● **Task objective**
Where the records below reach the line containing "Definition first_hit (x", start transcribing, and end with the line containing "Definition tauB (x", exactly and with nothing else added.

(Dataset excerpts)
::::::::
(* For every $\psi\in\Psi$, $$\lambda\Big(\#\{i\le n:\beta_i\ge n\,\psi(\lfloor\log n\rfloor)\}\ge1\ \text{for infinitely many } n\Big)=0.$$
   Context: Let $\lambda$ be Lebesgue measure on $[0,1)$, $\tau(x)=2x\bmod1$, $\chi(x)=\lfloor1/x\rfloor$, $B=[1/2,1)$, $\phi(x)=\inf\{n\in\mathbb N_0:\tau^nx\in B\}+1$, $\tau_Bx=\tau^{\phi(x)}x$ (defined $\lambda$-a.e.), and $\beta_i=\chi\circ\tau_B^{\,i-1}$. $\Psi=\{u:\mathbb N\to\mathbb R_{>0}:\sum_{n\ge1}1/u(n)<\infty\}$. Logarithms are natural. *)

From Stdlib Require Import Reals Lra Lia ClassicalEpsilon.
Open Scope R_scope.

Definition tau (x : R) : R := 2 * x - IZR (Int_part (2 * x)).

Definition chi (x : R) : R := IZR (Int_part (/ x)).

Definition inB (x : R) : Prop := 1/2 <= x < 1.

Definition first_hit (x : R) (n : nat) : Prop :=
  inB (Nat.iter n tau x) /\ forall k, (k < n)%nat -> ~ inB (Nat.iter k tau x).

(* phi(x) = inf{n >= 0 : tau^n x in B} + 1; defined lambda-a.e.
   (off the null set where the orbit never enters B the value is an
   unspecified natural number, which is irrelevant for null-set statements) *)
Definition phi (x : R) : nat :=
  epsilon (inhabits 0%nat) (fun m => exists n, m = S n /\ first_hit x n).

Definition tauB (x : R) : R := Nat.iter (phi x) tau x.

Definition beta (i : nat) (x : R) : R := chi (Nat.iter (i - 1) tauB x).

Definition inPsi (u : nat -> R) : Prop :=
  (forall n, (1 <= n)%nat -> 0 < u n) /\
  exists l, infinite_sum (fun k => / u (S k)) l.

Definition floor_log (n : nat) : nat := Z.to_nat (Int_part (ln (INR n))).
(* Let $G=(V,E)$ be a simple graph with maximum degree $\Delta$, and let the algorithm WKP (described in the context) be run on an initial consistent link-coloring of $G$ with $\Delta$ colors. Then WKP either returns a proper $\Delta$-edge-coloring of $G$ (a consistent link-coloring with no variable edges) or returns a canonical configuration. Its running time is $O(|V||E|^2)$.
   Context: Each edge $e_{i,j}=v_iv_j$ of $G$ consists of two links $l_{i,j}$ (at $v_i$) and $l_{j,i}$ (at $v_j$). A configuration is a map $c$ assigning to each link a color from $C=\{c_1,\dots,c_\Delta\}$; write $c_{i,j}=c(l_{i,j})$ and the colored edge $\vec e_{i,j}=(c_{i,j},c_{j,i})$. It is a constant if $c_{i,j}=c_{j,i}$, a variable otherwise. A configuration is consistent if links at a common vertex have distinct colors, and proper if it is consistent with no variables (equivalently, a proper edge-coloring with $\Delta$ colors). For colors $\alpha\ne\beta$, an $(\alpha,\beta)$ path is a sequence of consecutive adjacent links all colored $\alpha$ or $\beta$; a maximal one is either an $(\alpha,\beta)$ cycle (closed) or an open path ending at the middle of an edge or at a vertex missing an $\alpha$- or $\beta$-colored link. A color exchange at a vertex $v_i$ swaps the colors of two links incident to $v_i$ (preserving consistency). A Kempe walk of an $(\alpha,\beta)$ variable along an $(\alpha,\beta)$ path is a sequence of color exchanges at successive interior vertices of the path: $(\alpha,\beta)\otimes(\alpha,\alpha)\Rightarrow(\alpha,\alpha)\circ(\beta,\alpha)$ (step forward), $(\alpha,\beta)\otimes(\alpha,\beta)\Rightarrow(\alpha,\alpha)\circ(\beta,\beta)$ (two variables eliminated), $(\alpha,\beta)\otimes(\alpha,\gamma)\Rightarrow(\alpha,\alpha)\circ(\beta,\gamma)$ or, at a vertex with the corresponding link missing, $(\alpha,\beta)\Rightarrow(\alpha,\alpha)$ (one variable eliminated); here $(x,y)\otimes(z,w)\Rightarrow(x,z)\circ(y,w)$ denotes swapping the colors $y$ and $z$ of the two links meeting at the common vertex. Subroutine Variable-Walk($\vec e_{i,j}$) for a variable $\vec e_{i,j}=(\alpha,\beta)$: starting from one end $v_i$, follow the $(\alpha,\beta)$ path until (1) another variable is found, (2) it terminates at a vertex missing an $\alpha$ or $\beta$ link (or at the end of the maximal path), or (3) it returns to $v_j$, closing a cycle; in case (3) return false; otherwise perform the Kempe walk along the interior chain of this path (eliminating at least one variable) and return true. Algorithm WKP: (i) list all variables; (ii) if there are none, return the (proper) coloring; (iii) otherwise, for each variable in the list, call Variable-Walk; as soon as one call returns true, update the list and go to (ii); (iv) if all calls return false, return the current configuration. A canonical configuration is a consistent configuration in which no variable can be reduced by such a single-variable Kempe walk, i.e. Variable-Walk returns false for every variable (each remaining $(\alpha,\beta)$ variable lies on an $(\alpha,\beta)$ cycle containing no other variable). *)

From mathcomp Require Import all_boot.

Set Implicit Arguments.
Unset Strict Implicit.
Unset Printing Implicit Defensive.

(* A configuration: c u v is the colour of the link l_{u,v} (the half of
   edge uv at u).  Values on non-links are
   irrelevant. *)
Definition config (T : Type) := T -> T -> nat.

Inductive outcome := OMissing | OFound | OCycle.

Section WKP.
Variables (T : finType) (adj : rel T).

Definition maxdeg : nat := \max_(v : T) #|[set w | adj v w]|.

Definition nedges : nat :=
  #|[set [set p.1; p.2] | p in [set q : T * T | adj q.1 q.2]]|.

Definition consistent (D : nat) (c : config T) : Prop :=
  (forall u v, adj u v -> c u v < D) /\
  (forall u v w, adj u v -> adj u w -> v != w -> c u v != c u w).

Definition is_variable (c : config T) (u v : T) : bool :=
  adj u v && (c u v != c v u).

Definition proper_coloring (D : nat) (c : config T) : Prop :=
  consistent D c /\ (forall u v, adj u v -> c u v = c v u).

Definition upd (c : config T) (x y : T) (k : nat) : config T :=
  fun s t => if (s == x) && (t == y) then k else c s t.

(* colour exchange at x of the links l_{x,p} and l_{x,y}:
   (c p x, c x p) (x) (c x y, c y x) => (c p x, c x y) o (c x p, c y x),
   used with c x y = c p x. *)
Definition exch (c : config T) (p x y : T) : config T :=
  upd (upd c x p (c x y)) x y (c x p).

Definition other (a b k : nat) : nat := if k == a then b else a.

(* Following the (a,b) path (on the unmodified configuration c) which starts
   with the variable u-w (c u w = a, c w u = b) and proceeds from w.
   State: current vertex x and the colour k of the link to be taken at x.
   [trace c u w a b x k o n]: the path ends with outcome o after n edges:
   OMissing : x has no link coloured k (case (2));
   OFound   : the next edge x-y is another variable (case (1));
   OCycle   : the next edge is the starting variable u-w again, i.e. the path
              closed a cycle back to it (case (3)). *)
Inductive trace (c : config T) (u w : T) (a b : nat) :
    T -> nat -> outcome -> nat -> Prop :=
| tr_missing x k :
    (forall y, adj x y -> c x y != k) -> trace c u w a b x k OMissing 0
| tr_cycle x k y :
    adj x y -> c x y = k -> x = u -> y = w -> trace c u w a b x k OCycle 1
| tr_found x k y :
    adj x y -> c x y = k -> (x, y) != (u, w) -> c y x != k ->
    trace c u w a b x k OFound 1
| tr_cont x k y o n :
    adj x y -> c x y = k -> (x, y) != (u, w) -> c y x = k ->
    trace c u w a b y (other a b k) o n -> trace c u w a b x k o n.+1.

Definition walk_trace (c : config T) (u w : T) (o : outcome) (n : nat) :=
  trace c u w (c u w) (c w u) w (c u w) o n.

(* The Kempe walk of the variable p-x (currently at x), as a sequence of
   colour exchanges; [kempe c p x c' n]: it ends in c' after n exchanges. *)
Inductive kempe : config T -> T -> T -> config T -> nat -> Prop :=
| kw_missing c p x :
    (forall y, adj x y -> y != p -> c x y != c p x) ->
    kempe c p x (upd c x p (c p x)) 1
| kw_stop c p x y :
    adj x y -> y != p -> c x y = c p x -> c y x != c p x ->
    kempe c p x (exch c p x y) 1
| kw_cont c p x y c' n :
    adj x y -> y != p -> c x y = c p x -> c y x = c p x ->
    kempe (exch c p x y) x y c' n -> kempe c p x c' n.+1.

(* Variable-Walk on the variable u-w, started from the end w.
   Result None = "false" (configuration unchanged), Some c' = "true" with
   the new configuration c'.  The natural number is the cost (number of
   elementary steps: edges followed plus colour exchanges plus one). *)
Inductive vwalk (c : config T) (u w : T) : option (config T) -> nat -> Prop :=
| vw_false n : walk_trace c u w OCycle n -> vwalk c u w None n.+1
| vw_true o n c' m :
    o <> OCycle -> walk_trace c u w o n -> kempe c u w c' m ->
    vwalk c u w (Some c') (n + m).+1.

Definition canonical (D : nat) (c : config T) : Prop :=
  consistent D c /\
  (forall u w, is_variable c u w -> exists n, walk_trace c u w OCycle n).

(* step (i): a list of all variables, each listed once, each with a chosen
   starting end (an oriented pair (v_j, v_i): the walk starts from v_i). *)
Definition var_list (c : config T) (l : seq (T * T)) : Prop :=
  [/\ (forall p, p \in l -> is_variable c p.1 p.2),
      (forall u v, is_variable c u v -> (u, v) \in l \/ (v, u) \in l)
    & uniq [seq [set p.1; p.2] | p <- l]].

Inductive process (c : config T) :
    seq (T * T) -> option (config T) -> nat -> Prop :=
| pr_nil : process c [::] None 0
| pr_true u w l c' k :
    vwalk c u w (Some c') k -> process c ((u, w) :: l) (Some c') k
| pr_false u w l r k k' :
    vwalk c u w None k -> process c l r k' ->
    process c ((u, w) :: l) (r) (k + k').

Definition wkp_round (c c' : config T) (k : nat) : Prop :=
  exists2 l, var_list c l &
    exists k', process c l (Some c') k' /\ k = size l + k'.

(* the final round: no call returns true (including the case of no
   variables at all); WKP returns the current configuration *)
Definition wkp_final (c : config T) (k : nat) : Prop :=
  exists2 l, var_list c l &
    exists k', process c l None k' /\ k = size l + k'.

(* partial executions of WKP (any choice of lists/orders/ends) *)
Inductive wkp_exec : config T -> config T -> nat -> Prop :=
| ex_refl c : wkp_exec c c 0
| ex_step c c1 c2 k k' :
    wkp_round c c1 k -> wkp_exec c1 c2 k' -> wkp_exec c c2 (k + k').

Definition wkp_run (c c' : config T) (k : nat) : Prop :=
  exists k1 k2, [/\ wkp_exec c c' k1, wkp_final c' k2 & k = k1 + k2].

End WKP.

From mathcomp Require Import all_boot perm zify.

Set Implicit Arguments.
Unset Strict Implicit.
Unset Printing Implicit Defensive.

(* Along the (a,b) path of a variable u-w every vertex is entered at most once:
   the visited vertices stay closed under (a,b) links, both in the original
   configuration and in the one modified by the Kempe walk, except for the
   frontier link and the starting link (chain_inv).  So the path and the Kempe
   walk along it take at most |V| steps each.  A Kempe walk keeps the
   configuration consistent, removes the variable u-w and creates no other one,
   so the set of variable edges shrinks at every successful round: at most |E|
   rounds of at most |E| calls each, whence termination and O(|V||E|^2).  When
   no call succeeds, every variable lies on an (a,b) cycle traced from its
   listed end, hence also from the other end (read the cycle backwards), which
   is canonicity. *)

Lemma adj_neq (T : eqType) (adj : rel T) : irreflexive adj -> forall x y, adj x y -> x != y.
Proof. by move=> irrA x y; apply: contraTneq => ->; rewrite irrA. Qed.

Lemma other_in a b k : (other a b k == a) || (other a b k == b).
Proof. by rewrite /other; case: ifP; rewrite eqxx ?orbT. Qed.

Section Other.
Variables (a b k : nat).
Hypotheses (ab : a != b) (kab : (k == a) || (k == b)).

Let ba : (b == a) = false. Proof. by rewrite eq_sym (negbTE ab). Qed.

Lemma otherK : other a b (other a b k) = k.
Proof. by rewrite /other; case/orP: kab => /eqP->; rewrite ?(eqxx, ba, negbTE ab). Qed.

Lemma other_neq : other a b k != k.
Proof. by rewrite /other; case/orP: kab => /eqP->; rewrite ?(eqxx, ba, negbTE ab). Qed.
(* Let $G_n$ be a finite simple graph with a fully interconnected graph decomposition $(G_{n_1},\ldots,G_{n_k})$. For each $i\in\{1,\ldots,k\}$ let $\lambda_{i,1},\ldots,\lambda_{i,n_i-1}$ be eigenvalues of $L_{G_{n_i}}$ with real eigenvectors $\mathbf v_{i,1},\ldots,\mathbf v_{i,n_i-1}\in\mathbb R^{V(G_{n_i})}$ such that $\{\mathbf v_{i,1},\ldots,\mathbf v_{i,n_i-1},\tfrac{1}{\sqrt{n_i}}\mathbf 1_{n_i}\}$ is an orthonormal basis of $\mathbb R^{V(G_{n_i})}$. For $j=1,\ldots,k$ let $\alpha_j(1),\ldots,\alpha_j(k)\in\mathbb R$ and let $\mathbf x_j\in\mathbb R^{V(G_n)}$ be the vector with $\mathbf x_j(v)=\alpha_j(l)$ for $v\in V(G_{n_l})$; put $N_j=\sum_{l=1}^k n_l\alpha_j(l)^2$. Assume $\{\mathbf x_j/\sqrt{N_j}\}_{j=1}^k$ is orthonormal and $L_{G_n}\mathbf x_j=\nu_j\mathbf x_j$ for real numbers $\nu_1,\ldots,\nu_k$ (equivalently, $\overline{L}_{G_n}(\alpha_j(1),\ldots,\alpha_j(k))^T=\nu_j(\alpha_j(1),\ldots,\alpha_j(k))^T$). Then for all $t\ge0$: (1) If $x,y\in V(G_{n_i})$, then $$P^x_{G_n,t}(y)=P^x_{G_{n_i},t}(y)+\widetilde P_{i,t}-\frac1{n_i^2}-\frac2{n_i}\sum_{j=1}^{n_i-1}\mathbf v_{i,j}(x)\mathbf v_{i,j}(y)\cos(t\lambda_{i,j})+2\sum_{j=1}^{n_i-1}\sum_{j'=1}^k\frac{\mathbf v_{i,j}(x)\mathbf v_{i,j}(y)\alpha_{j'}(i)^2\cos\{t(\lambda_{i,j}+\widetilde d_i-\nu_{j'})\}}{N_{j'}},$$ where $$P^x_{G_{n_i},t}(y)=\sum_{j=1}^{n_i-1}\mathbf v_{i,j}(x)^2\mathbf v_{i,j}(y)^2+\frac1{n_i^2}+2\sum_{1\le j<j'\le n_i-1}\mathbf v_{i,j}(x)\mathbf v_{i,j}(y)\mathbf v_{i,j'}(x)\mathbf v_{i,j'}(y)\cos\{t(\lambda_{i,j}-\lambda_{i,j'})\}+\frac2{n_i}\sum_{j=1}^{n_i-1}\mathbf v_{i,j}(x)\mathbf v_{i,j}(y)\cos(t\lambda_{i,j})$$ is the transition probability of the CTQW on $G_{n_i}$ itself, and $$\widetilde P_{i,t}=\sum_{j=1}^k\frac{\alpha_j(i)^4}{N_j^2}+2\sum_{1\le j<j'\le k}\frac{\alpha_j(i)^2\alpha_{j'}(i)^2\cos\{t(\nu_j-\nu_{j'})\}}{N_jN_{j'}}.$$ (2) If $x\in V(G_{n_i})$ and $y\in V(G_{n_{i'}})$ with $i\ne i'$, then $$P^x_{G_n,t}(y)=\sum_{j=1}^k\frac{\alpha_j(i)^2\alpha_j(i')^2}{N_j^2}+2\sum_{1\le j<j'\le k}\frac{\alpha_j(i)\alpha_j(i')\alpha_{j'}(i)\alpha_{j'}(i')\cos\{t(\nu_j-\nu_{j'})\}}{N_jN_{j'}}.$$
   Context: For a finite simple graph $G$ with vertex set $V(G)$, $A_G$ is its adjacency matrix, $D_G$ the diagonal degree matrix, and $L_G=D_G-A_G$ its Laplacian. The continuous-time quantum walk (CTQW) on $G$ has evolution operator $U_{G,t}=e^{\sqrt{-1}\,tL_G}$ ($t\ge0$), and for $x,y\in V(G)$ the transition probability is $P^x_{G,t}(y)=|(U_{G,t})_{x,y}|^2$ (walker starting at $x$). A fully interconnected graph decomposition of a simple graph $G_n$ on $n$ vertices is a tuple $(G_{n_1},\ldots,G_{n_k})$ of induced subgraphs of $G_n$, $G_{n_i}$ having $n_i$ vertices, whose vertex sets partition $V(G_n)$, such that for every $i\ne j$ either every vertex of $G_{n_i}$ is adjacent to every vertex of $G_{n_j}$ (written $G_{n_i}\sim G_{n_j}$) or no vertex of $G_{n_i}$ is adjacent to any vertex of $G_{n_j}$. Set $\widetilde d_i=\sum_{j:\,G_{n_i}\sim G_{n_j}}n_j$. $\overline L_{G_n}$ is the $k\times k$ matrix with diagonal entries $\widetilde d_i$, $(i,j)$ entry $-n_j$ if $G_{n_i}\sim G_{n_j}$ ($i\neq j$), and $0$ otherwise. $\mathbf 1_m$ is the all-ones vector of length $m$; $\mathbf v(x)$ denotes the component of a vector at vertex $x$. *)

From Stdlib Require Import Reals List Arith ClassicalEpsilon.
Import ListNotations.
Open Scope R_scope.

(* Vertices are natural numbers; a graph is given by a finite vertex list V
   (duplicate-free) and a boolean adjacency relation adj. *)

Fixpoint rsum (m : nat) (f : nat -> R) : R :=
  match m with O => 0 | S p => rsum p f + f p end.

Definition lsum (V : list nat) (f : nat -> R) : R :=
  fold_right (fun z acc => f z + acc) 0 V.

Definition deg (V : list nat) (adj : nat -> nat -> bool) (x : nat) : R :=
  lsum V (fun z => if adj x z then 1 else 0).

Definition Lap (V : list nat) (adj : nat -> nat -> bool) (x y : nat) : R :=
  (if Nat.eqb x y then deg V adj x else 0) - (if adj x y then 1 else 0).

Definition matmul (V : list nat) (A B : nat -> nat -> R) (x y : nat) : R :=
  lsum V (fun z => A x z * B z y).

Fixpoint matpow (V : list nat) (A : nat -> nat -> R) (p : nat) : nat -> nat -> R :=
  match p with
  | O => fun x y => if Nat.eqb x y then 1 else 0
  | S q => matmul V A (matpow V A q)
  end.

Definition series_value (f : nat -> R) : R :=
  epsilon (inhabits 0) (fun l => infinite_sum f l).

(* U_t = e^{i t L} = Σ_m (i t L)^m / m! ; real and imaginary parts of entries *)
Definition Ure (V : list nat) (adj : nat -> nat -> bool) (t : R) (x y : nat) : R :=
  series_value (fun m => (-1) ^ m * t ^ (2 * m) / INR (fact (2 * m))
                          * matpow V (Lap V adj) (2 * m) x y).

Definition Uim (V : list nat) (adj : nat -> nat -> bool) (t : R) (x y : nat) : R :=
  series_value (fun m => (-1) ^ m * t ^ (2 * m + 1) / INR (fact (2 * m + 1))
                          * matpow V (Lap V adj) (2 * m + 1) x y).

Definition Ptrans (V : list nat) (adj : nat -> nat -> bool) (t : R) (x y : nat) : R :=
  Ure V adj t x y ^ 2 + Uim V adj t x y ^ 2.

(* vertex set of the i-th block of the decomposition given by c : V(G_n) -> blocks *)
Definition part (n : nat) (c : nat -> nat) (i : nat) : list nat :=
  filter (fun v => Nat.eqb (c v) i) (seq 0 n).

Definition all_adj (n : nat) (c : nat -> nat) (adj : nat -> nat -> bool) (i j : nat) : Prop :=
  forall x y, In x (part n c i) -> In y (part n c j) -> adj x y = true.

Definition no_adj (n : nat) (c : nat -> nat) (adj : nat -> nat -> bool) (i j : nat) : Prop :=
  forall x y, In x (part n c i) -> In y (part n c j) -> adj x y = false.

Definition dtilde (n k : nat) (c : nat -> nat) (adj : nat -> nat -> bool) (i : nat) : R :=
  rsum k (fun j => if excluded_middle_informative (j <> i /\ all_adj n c adj i j)
                   then INR (length (part n c j)) else 0).

From Stdlib Require Import Reals List Arith Lia Lra ClassicalEpsilon.
From mathcomp Require all_boot all_algebra Rstruct.
Open Scope R_scope.

(* The Laplacian of G_n has an orthonormal eigenbasis formed by the block eigenvectors
   v_{i,j}, extended by zero outside G_{n_i}, with eigenvalues lam_{i,j} + dtilde_i, and by
   the x_j / sqrt N_j, with eigenvalues nu_j.  Completeness of this basis, and of the basis
   {v_{i,j}} + {1 / sqrt n_i} of each block, expresses every entry of L^q as a finite sum
   sum_p a_p mu_p^q.  Summing the exponential series then gives
   (U_t)_{x,y} = sum_p a_p e^{i t mu_p}, and |.|^2 of such a sum is
   sum_p a_p^2 + 2 sum_{p<p'} a_p a_p' cos (t (mu_p - mu_p')), which yields the formulas. *)

Lemma rsum_ext (m : nat) (f g : nat -> R) :
  (forall p, (p < m)%nat -> f p = g p) -> rsum m f = rsum m g.
Proof.
induction m as [|m IH]; intro H; simpl; [reflexivity|].
rewrite IH by (intros; apply H; lia). rewrite H by lia. reflexivity.
Qed.

Lemma rsum_tri_ext (m : nat) (f g : nat -> nat -> R) :
  (forall p p', (p < p')%nat -> (p' < m)%nat -> f p p' = g p p') ->
  rsum m (fun p' => rsum p' (fun p => f p p')) = rsum m (fun p' => rsum p' (fun p => g p p')).
Proof. intro H. apply rsum_ext. intros p' Hp'. apply rsum_ext. intros p Hp. apply H; assumption. Qed.

Lemma rsum_plus (m : nat) (f g : nat -> R) :
  rsum m (fun p => f p + g p) = rsum m f + rsum m g.
Proof. induction m; simpl; [ring | rewrite IHm; ring]. Qed.

Lemma rsum_scal (m : nat) (a : R) (f : nat -> R) :
  rsum m (fun p => a * f p) = a * rsum m f.
Proof. induction m; simpl; [ring | rewrite IHm; ring]. Qed.

Lemma rsum_const0 (m : nat) : rsum m (fun _ => 0) = 0.
Proof. induction m; simpl; [ring | rewrite IHm; ring]. Qed.

Lemma rsum_1 (f : nat -> R) : rsum 1 f = f 0%nat.
Proof. simpl; ring. Qed.

Lemma rsum_delta (k i : nat) (a : R) :
  (i < k)%nat -> rsum k (fun l => if Nat.eqb l i then a else 0) = a.
Proof.
induction k as [|k IH]; intro Hi; [lia|]. simpl.
destruct (Nat.eqb_spec k i) as [->|Hki].
- rewrite (rsum_ext _ _ (fun _ => 0)), rsum_const0; [ring|].
  intros p Hp; destruct (Nat.eqb_spec p i); [lia | reflexivity].
- rewrite IH by lia; ring.
Qed.

Lemma rsum_nonneg (m : nat) (f : nat -> R) :
  (forall p, (p < m)%nat -> 0 <= f p) -> 0 <= rsum m f.
Proof.
induction m as [|m IH]; intro H; simpl; [lra|].
assert (0 <= rsum m f) by (apply IH; intros; apply H; lia).
assert (0 <= f m) by (apply H; lia). lra.
Qed.

Lemma lsum_ext (V : list nat) (f g : nat -> R) :
  (forall z, In z V -> f z = g z) -> lsum V f = lsum V g.
Proof.
induction V as [|a V IH]; intro H; simpl; [reflexivity|].
rewrite H by (left; reflexivity). rewrite IH by (intros; apply H; right; assumption).
reflexivity.
Qed.

Lemma lsum_plus (V : list nat) (f g : nat -> R) :
  lsum V (fun z => f z + g z) = lsum V f + lsum V g.
Proof. induction V; simpl; [ring | rewrite IHV; ring]. Qed.

Lemma lsum_minus (V : list nat) (f g : nat -> R) :
  lsum V (fun z => f z - g z) = lsum V f - lsum V g.
Proof. induction V; simpl; [ring | rewrite IHV; ring]. Qed.

Lemma lsum_scal_r (V : list nat) (a : R) (f : nat -> R) :
  lsum V (fun z => f z * a) = lsum V f * a.
Proof. induction V; simpl; [ring | rewrite IHV; ring]. Qed.

Lemma lsum_const (V : list nat) (a : R) : lsum V (fun _ => a) = INR (length V) * a.
Proof. induction V; simpl length; [simpl; ring | rewrite S_INR; simpl; rewrite IHV; ring]. Qed.

Lemma lsum_app (V W : list nat) (f : nat -> R) : lsum (V ++ W) f = lsum V f + lsum W f.
Proof. induction V; simpl; [ring | rewrite IHV; ring]. Qed.

Lemma lsum_seq (m : nat) (f : nat -> R) : lsum (seq 0 m) f = rsum m f.
Proof. induction m; [reflexivity|]. rewrite seq_S, lsum_app, IHm. simpl; ring. Qed.

Lemma lsum_rsum (V : list nat) (m : nat) (f : nat -> nat -> R) :
  lsum V (fun z => rsum m (fun p => f p z)) = rsum m (fun p => lsum V (f p)).
Proof.
induction m; simpl.
- rewrite lsum_const; ring.
- rewrite lsum_plus, IHm. reflexivity.
Qed.

Lemma lsum_delta (V : list nat) (x : nat) (f : nat -> R) :
  NoDup V -> In x V -> lsum V (fun z => if Nat.eqb x z then f z else 0) = f x.
Proof.
induction V as [|a V IH]; intros ND Hx; [destruct Hx|].
inversion_clear ND as [|? ? Ha ND']. simpl. destruct Hx as [->|Hx].
- rewrite Nat.eqb_refl, (lsum_ext _ _ (fun _ => 0)), lsum_const; [ring|].
  intros z Hz; destruct (Nat.eqb_spec x z); [subst; contradiction | reflexivity].
- destruct (Nat.eqb_spec x a); [subst; contradiction|]. rewrite IH by assumption; ring.
Qed.

Lemma lsum_filter (P : nat -> bool) (V : list nat) (f : nat -> R) :
  lsum (filter P V) f = lsum V (fun z => if P z then f z else 0).
Proof. induction V as [|a V IH]; simpl; [reflexivity|]. destruct (P a); simpl; rewrite IH; ring. Qed.

Lemma series_value_eq (f : nat -> R) (l : R) : infinite_sum f l -> series_value f = l.
Proof.
intro H. unfold series_value. apply (uniqueness_sum f); [apply epsilon_spec; exists l |]; exact H.
Qed.

Lemma infinite_sum_ext (f g : nat -> R) (l : R) :
  (forall m, f m = g m) -> infinite_sum f l -> infinite_sum g l.
Proof.
intros E. apply Un_cv_ext. intro m. apply sum_eq. intros; apply E.
Qed.

Lemma infinite_sum_0 : infinite_sum (fun _ => 0) 0.
Proof.
intros eps He. exists 0%nat. intros m _.
rewrite sum_eq_R0 by reflexivity. unfold R_dist. rewrite Rminus_diag, Rabs_R0. exact He.
Qed.

Lemma infinite_sum_plus (f g : nat -> R) (a b : R) :
  infinite_sum f a -> infinite_sum g b -> infinite_sum (fun m => f m + g m) (a + b).
Proof.
intros Ha Hb. apply (Un_cv_ext (fun N => sum_f_R0 f N + sum_f_R0 g N)).
- intro N. symmetry. apply plus_sum.
- apply CV_plus; assumption.
Qed.

Lemma infinite_sum_scal (f : nat -> R) (a c : R) :
  infinite_sum f a -> infinite_sum (fun m => c * f m) (c * a).
Proof.
intro Ha. apply (Un_cv_ext (fun N => c * sum_f_R0 f N)).
- intro N. rewrite scal_sum. apply sum_eq. intros; ring.
- apply (CV_mult (fun _ => c)); [|exact Ha].
  intros eps He. exists 0%nat. intros. unfold R_dist. rewrite Rminus_diag, Rabs_R0. exact He.
Qed.

Lemma cos_series (t mu : R) :
  infinite_sum (fun m => (-1) ^ m * t ^ (2 * m) / INR (fact (2 * m)) * mu ^ (2 * m))
    (cos (t * mu)).
Proof.
unfold cos. destruct (exist_cos (Rsqr (t * mu))) as [l Hl].
apply (infinite_sum_ext (fun m => cos_n m * Rsqr (t * mu) ^ m)); [|exact Hl].
intro m. unfold cos_n, Rsqr. replace (t * mu * (t * mu)) with (t ^ 2 * mu ^ 2) by ring.
rewrite Rpow_mult_distr, !pow_mult. unfold Rdiv. ring.
Qed.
::::::::
● **Solution**
Definition first_hit (x : R) (n : nat) : Prop :=
  inB (Nat.iter n tau x) /\ forall k, (k < n)%nat -> ~ inB (Nat.iter k tau x).

(* phi(x) = inf{n >= 0 : tau^n x in B} + 1; defined lambda-a.e.
   (off the null set where the orbit never enters B the value is an
   unspecified natural number, which is irrelevant for null-set statements) *)
Definition phi (x : R) : nat :=
  epsilon (inhabits 0%nat) (fun m => exists n, m = S n /\ first_hit x n).

Definition tauB (x : R) : R := Nat.iter (phi x) tau x.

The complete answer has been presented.